[Recorded data]
********************
Lemma lee_dist_Rintegral_minkowski W (dl : R) : 0 < dl ->
  (ipm F (pushforward P g) Q <= dl%:E)%E ->
  ((`|Rintegral P setT (W \o g) - Rintegral Q setT W|)%:E
    <= Defs.minkowski F W * dl%:E)%E.
Proof.
move=> dl0 le_dl; apply: ereal_inf_mulr_ge => // r [r0 FW].
have [ifg ifQ] := F_integrable FW; set f := fun z => r^-1 * W z in ifg ifQ.
have -> : W = fun z => r * f z.
  by apply/funext => z; rewrite /f mulrA divff ?mul1r // gt_eqF.
rewrite (RintegralZl r measurableT ifg) (RintegralZl r measurableT ifQ).
rewrite -mulrBr normrM gtr0_norm // ler_pM2l //.
exact: ler_dist_Rintegral_ipm.
Qed.

Lemma bellman_step_dist (rw V : X -> R) W (rh e dl : R) (al : \bar R) :
  0 < dl -> (0 <= al)%E ->
  P.-integrable setT (EFin \o rw) -> P.-integrable setT (EFin \o V) ->
  `|Rintegral P setT rw - rh| <= e ->
  (forall x, ((`|V x - W (g x)|)%:E <= al)%E) ->
  (ipm F (pushforward P g) Q <= dl%:E)%E ->
  ((`|Rintegral P setT (fun x => rw x + V x) - (rh + Rintegral Q setT W)|)%:E
     <= e%:E + Defs.minkowski F W * dl%:E + al)%E.
Proof.
move=> dl0 al0 irw iV rw_e VW le_dl.
have [[r [r0 FW]] | noFW] :=
    pselect (exists r, 0 < r /\ F (fun z => r^-1 * W z)); last first.
  have -> : Defs.minkowski F W = +oo%E.
    rewrite /Defs.minkowski (_ : [set r%:E | r in _] = set0) ?ereal_inf0 //.
    by apply/seteqP; split => // x [r FW _]; apply: noFW; exists r.
  rewrite gt0_mulye ?lte_fin // addey // addye ?leey //.
  by rewrite gt_eqF // (lt_le_trans _ al0) // ltNyr.
have iWg := scaled_comp_integrable r0 FW.
rewrite RintegralD //.
set I1 := Rintegral P setT rw; set I2 := Rintegral P setT V.
set I3 := Rintegral P setT (W \o g); set I4 := Rintegral Q setT W.
apply: (@le_trans _ _ ((`|I1 - rh|)%:E + (`|I3 - I4|)%:E + (`|I2 - I3|)%:E)%E).
  rewrite -!EFinD lee_fin (_ : _ - _ = (I1 - rh) + (I3 - I4) + (I2 - I3)).
    by rewrite (le_trans (ler_normD _ _)) // lerD2r ler_normD.
  by lra.
apply: leeD; first apply: leeD.
- by rewrite lee_fin.
- exact: lee_dist_Rintegral_minkowski.
- exact: lee_dist_Rintegral.
Qed.

End ipm_bounds.
Unset Implicit Arguments.

Section system_recursions.
Context (R : realType) (A : finType).
Context (dY : measure_display) (Y : measurableType dY).
Context (dH : nat -> measure_display) (H : forall t, measurableType (dH t)).
Context (ext : forall t, H t -> Y -> A -> H t.+1).
Context (K : forall t, H t -> A -> probability (Y * R)%type R).

Lemma Vopt_rec T t (h : H t) : (t <= T)%N ->
  Vopt ext K T t h = fmax (Qopt ext K T t h).
Proof. by move=> tT; rewrite /Vopt subSn. Qed.

Lemma Vpol_rec pi T t (h : H t) : (t <= T)%N ->
  Vpol ext K pi T t h = \sum_a pi t h a * Qpol ext K pi T t h a.
Proof. by move=> tT; rewrite /Vpol subSn. Qed.

End system_recursions.

Section ais_recursions.
Context (R : realType) (A : finType).
Context (dZ : nat -> measure_display) (Z : forall t, measurableType (dZ t)).
Context (Phat : forall t, Z t -> A -> probability (Z t.+1) R).
Context (rhat : forall t, Z t -> A -> R).
Context (F : forall t, set (Z t.+1 -> R)) (eps delta : nat -> R).

Lemma Vhat_rec T t (z : Z t) : (t <= T)%N ->
  Vhat Phat rhat T t z = fmax (Qhat Phat rhat T t z).
Proof. by move=> tT; rewrite /Vhat subSn. Qed.

Lemma alpha_rec T t : (t <= T)%N ->
  alpha Phat rhat F eps delta T t =
  ((eps t)%:E + Defs.minkowski (F t) (Vhat Phat rhat T t.+1) * (delta t)%:E
   + alpha Phat rhat F eps delta T t.+1)%E.
Proof. by move=> tT; rewrite /alpha subSn. Qed.

Lemma alpha_ge0 T t : (forall s, (t <= s <= T)%N -> 0 <= eps s /\ 0 <= delta s) ->
  (0 <= alpha Phat rhat F eps delta T t)%E.
Proof.
move Tt : (T.+1 - t)%N => n; elim: n t Tt => [|n IH] t Tt pos.
  by rewrite /alpha Tt.
have [e0 d0] : 0 <= eps t /\ 0 <= delta t by apply: pos; lia.
rewrite alpha_rec; last by lia.
rewrite !adde_ge0 ?mule_ge0 ?minkowski_functional_ge0 ?lee_fin //.
by apply: IH => [|s s_range]; [lia | apply: pos; lia].
Qed.

End ais_recursions.

Section ais_value_bounds.
Context {R : realType} {A : finType} {T : nat}.
Context {dY : measure_display} {Y : measurableType dY}.
Context {dH : nat -> measure_display} {H : forall t, measurableType (dH t)}.
Context {ext : forall t, H t -> Y -> A -> H t.+1}.
Context {K : forall t, H t -> A -> probability (Y * R)%type R}.
Context {dZ : nat -> measure_display} {Z : forall t, measurableType (dZ t)}.
Context {sigma : forall t, H t -> Z t}.
Context {Phat : forall t, Z t -> A -> probability (Z t.+1) R}.
Context {rhat : forall t, Z t -> A -> R}.
Context {F : forall t, set (Z t.+1 -> R)} {eps delta : nat -> R}.
Context {pihat : forall t, Z t -> A -> R}.

Local Notation pi := (fun t h a => pihat t (sigma t h) a).
Local Notation Qo := (Qopt ext K T).
Local Notation Vo := (Vopt ext K T).
Local Notation Qp := (Qpol ext K pi T).
Local Notation Vp := (Vpol ext K pi T).
Local Notation Qh := (Qhat Phat rhat T).
Local Notation Vh := (Vhat Phat rhat T).
Local Notation al := (alpha Phat rhat F eps delta T).

Hypothesis F_measurable : forall t f, F t f -> measurable_fun setT f.
Hypothesis F_bounded : forall t, exists M : R, forall f z, F t f -> `|f z| <= M.
Hypothesis eps_delta_gt0 :
  forall t, (1 <= t <= T)%N -> 0 < eps t /\ 0 < delta t.
Hypothesis sigma_measurable : forall t, measurable_fun setT (sigma t).
Hypothesis ext_measurable :
  forall t (h : H t) (a : A), measurable_fun setT (fun y : Y => ext t h y a).
Hypothesis K_integrable : forall t, (1 <= t <= T)%N -> forall (h : H t) (a : A),
  (K t h a).-integrable setT (fun yr => (yr.2)%:E) /\
  (K t h a).-integrable setT (fun yr => (Vo t.+1 (ext t h yr.1 a))%:E) /\
  (K t h a).-integrable setT (fun yr => (Vp t.+1 (ext t h yr.1 a))%:E).
Hypothesis AP1 : forall t, (1 <= t <= T)%N -> forall (h : H t) (a : A),
  `| Rintegral (K t h a) setT (fun yr => yr.2) - rhat t (sigma t h) a | <= eps t.
Hypothesis AP2 : forall t, (1 <= t <= T)%N -> forall (h : H t) (a : A),
  (ipm (F t) (pushforward (K t h a) (fun yr => sigma t.+1 (ext t h yr.1 a)))
     (Phat t (sigma t h) a) <= (delta t)%:E)%E.
Hypothesis pihat_greedy : forall t, (1 <= t <= T)%N -> forall z : Z t,
  is_distr (pihat t z) /\
  (forall a, 0 < pihat t z a -> forall b, Qh t z b <= Qh t z a).

Let V_close t := forall h : H t,
  ((`|Vo t h - Vh t (sigma t h)|)%:E <= al t)%E /\
  ((`|Vp t h - Vh t (sigma t h)|)%:E <= al t)%E.

Let Q_close t := forall (h : H t) (a : A),
  ((`|Qo t h a - Qh t (sigma t h) a|)%:E <= al t)%E /\
  ((`|Qp t h a - Qh t (sigma t h) a|)%:E <= al t)%E.

Let al_ge0 t : (1 <= t)%N -> (0 <= al t)%E.
Proof.
move=> t1; apply: alpha_ge0 => s s_range.
by have [e0 d0] := eps_delta_gt0 s ltac:(lia); rewrite !ltW.
Qed.

Let Q_step t : (1 <= t <= T)%N -> V_close t.+1 -> Q_close t.
Proof.
move=> t_range Vc h a.
have [_ d0] := eps_delta_gt0 t t_range.
have [i_rw [i_Vo i_Vp]] := K_integrable t t_range h a.
have g_measurable : measurable_fun setT
    (fun yr : Y * R => sigma t.+1 (ext t h yr.1 a)).
  exact: measurableT_comp (sigma_measurable _)
    (measurableT_comp (ext_measurable t h a) measurable_fst).
have al0 := al_ge0 t.+1 isT.
rewrite alpha_rec; last by case/andP: t_range.
have step := bellman_step_dist (F_measurable t) (F_bounded t) g_measurable d0 al0.
split; [rewrite /Qopt /Qhat | rewrite /Qpol /Qhat].
- apply: step => //; [exact: AP1 | by move=> yr; exact: (Vc _).1 | exact: AP2].
- apply: step => //; [exact: AP1 | by move=> yr; exact: (Vc _).2 | exact: AP2].
Qed.

Let V_step t : (1 <= t <= T)%N -> Q_close t -> V_close t.
Proof.
move=> t_range Qc h; have tT : (t <= T)%N by case/andP: t_range.
have [pi_distr pi_argmax] := pihat_greedy t t_range (sigma t h).
move: (Qc h) (al_ge0 t (proj1 (andP t_range))).
case: (al t) => [c | | ] Qch al0 //; last by rewrite !leey.
rewrite !lee_fin Vopt_rec // Vpol_rec // Vhat_rec //; split.
- by apply: ler_dist_fmax => // a; rewrite -lee_fin; exact: (Qch a).1.
- rewrite (fmax_distr_argmax pi_distr pi_argmax).
  by apply: ler_dist_distr_sum => // a; rewrite -lee_fin; exact: (Qch a).2.
Qed.

Let V_close_from t : (1 <= t)%N -> V_close t.
Proof.
move Tt : (T.+1 - t)%N => n; elim: n t Tt => [|n IH] t Tt t1.
  by move=> h; rewrite /Vopt /Vpol /Vhat /alpha Tt /= subrr normr0.
have t_range : (1 <= t <= T)%N by lia.
by apply/V_step/Q_step/IH => //; lia.
Qed.

Lemma ais_value_bounds t : (1 <= t <= T)%N -> forall (h : H t) (a : A),
  [/\ ((`|Qo t h a - Qh t (sigma t h) a|)%:E <= al t)%E,
      ((`|Qp t h a - Qh t (sigma t h) a|)%:E <= al t)%E,
      ((`|Vo t h - Vh t (sigma t h)|)%:E <= al t)%E &
      ((`|Vp t h - Vh t (sigma t h)|)%:E <= al t)%E].
Proof.
move=> t_range h a; have t1 : (1 <= t)%N by case/andP: t_range.
have [Qo_h Qp_h] := Q_step t t_range (V_close_from t.+1 isT) h a.
by have [Vo_h Vp_h] := V_close_from t t1 h.
Qed.

End ais_value_bounds.

Theorem mainTheorem2
  (R : realType) (A : finType) (T : nat)
  (* the stochastic input-output system *)
  (dY : measure_display) (Y : measurableType dY)
  (dH : nat -> measure_display) (H : forall t, measurableType (dH t))
  (ext : forall t, H t -> Y -> A -> H t.+1)
  (K : forall t, H t -> A -> probability (Y * R)%type R)
  (* the AIS generator *)
  (dZ : nat -> measure_display) (Z : forall t, measurableType (dZ t))
  (sigma : forall t, H t -> Z t)
  (Phat : forall t, Z t -> A -> probability (Z t.+1) R)
  (rhat : forall t, Z t -> A -> R)
  (F : forall t, set (Z t.+1 -> R))
  (eps delta : nat -> R)
  (pihat : forall t, Z t -> A -> R) :
  (* F : uniformly bounded measurable functions *)
  (forall t, (forall f, F t f -> measurable_fun setT f) /\
             (exists M : R, forall f z, F t f -> `|f z| <= M)) ->
  (forall t, (1 <= t <= T)%N -> 0 < eps t /\ 0 < delta t) ->
  (* sigma_t(H_t) and H_{t+1} are random variables *)
  (forall t, measurable_fun setT (sigma t)) ->
  (forall t (h : H t) (a : A), measurable_fun setT (fun y : Y => ext t h y a)) ->
  (* expectations appearing in the value functions are well defined *)
  (forall t, (1 <= t <= T)%N -> forall (h : H t) (a : A),
     (K t h a).-integrable setT (fun yr => (yr.2)%:E) /\
     (K t h a).-integrable setT
        (fun yr => (Vopt ext K T t.+1 (ext t h yr.1 a))%:E) /\
     (K t h a).-integrable setT
        (fun yr => (Vpol ext K (fun t h a => pihat t (sigma t h) a)
                       T t.+1 (ext t h yr.1 a))%:E)) ->
  (forall t, (1 <= t <= T)%N -> forall (z : Z t) (a : A),
     (Phat t z a).-integrable setT (fun z' => (Vhat Phat rhat T t.+1 z')%:E)) ->
  (* (AP1) *)
  (forall t, (1 <= t <= T)%N -> forall (h : H t) (a : A),
     `| Rintegral (K t h a) setT (fun yr => yr.2) - rhat t (sigma t h) a |
       <= eps t) ->
  (* (AP2) *)
  (forall t, (1 <= t <= T)%N -> forall (h : H t) (a : A),
     (ipm (F t)
        (pushforward (K t h a) (fun yr => sigma t.+1 (ext t h yr.1 a)))
        (Phat t (sigma t h) a) <= (delta t)%:E)%E) ->
  (* pihat_t(z) is a distribution supported on argmax_a Qhat_t(z, a) *)
  (forall t, (1 <= t <= T)%N -> forall z : Z t,
     is_distr (pihat t z) /\
     (forall a, 0 < pihat t z a -> forall b, Qhat Phat rhat T t z b <= Qhat Phat rhat T t z a)) ->
  forall t, (1 <= t <= T)%N -> forall (h : H t) (a : A),
    let pi := fun t h a => pihat t (sigma t h) a in
    let al := alpha Phat rhat F eps delta T t in
    ((`| Qopt ext K T t h a - Qhat Phat rhat T t (sigma t h) a |)%:E <= al)%E /\
    ((`| Vopt ext K T t h - Vhat Phat rhat T t (sigma t h) |)%:E <= al)%E /\
    ((`| Qopt ext K T t h a - Qpol ext K pi T t h a |)%:E <= 2%:E * al)%E /\
    ((`| Vopt ext K T t h - Vpol ext K pi T t h |)%:E <= 2%:E * al)%E.
Proof.
move=> F_regular eps_delta_gt0 sigma_measurable ext_measurable K_integrable _
  AP1 AP2 pihat_greedy t t_range h a pi al.
have [Qo_h Qp_h Vo_h Vp_h] := ais_value_bounds (fun s => (F_regular s).1)
  (fun s => (F_regular s).2) eps_delta_gt0 sigma_measurable ext_measurable
  K_integrable AP1 AP2 pihat_greedy t t_range h a.
split; first exact: Qo_h.
split; first exact: Vo_h.
split; first exact: lee_dist_via_center Qo_h Qp_h.
exact: lee_dist_via_center Vo_h Vp_h.
Qed.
********************
● **TASK TO CARRY OUT**
Which lines hold the string "andP"? Copy all of them from the data above.

● **OUTPUT FOR THIS TASK**
rewrite alpha_rec; last by case/andP: t_range.
move=> t_range Qc h; have tT : (t <= T)%N by case/andP: t_range.
move: (Qc h) (al_ge0 t (proj1 (andP t_range))).
move=> t_range h a; have t1 : (1 <= t)%N by case/andP: t_range.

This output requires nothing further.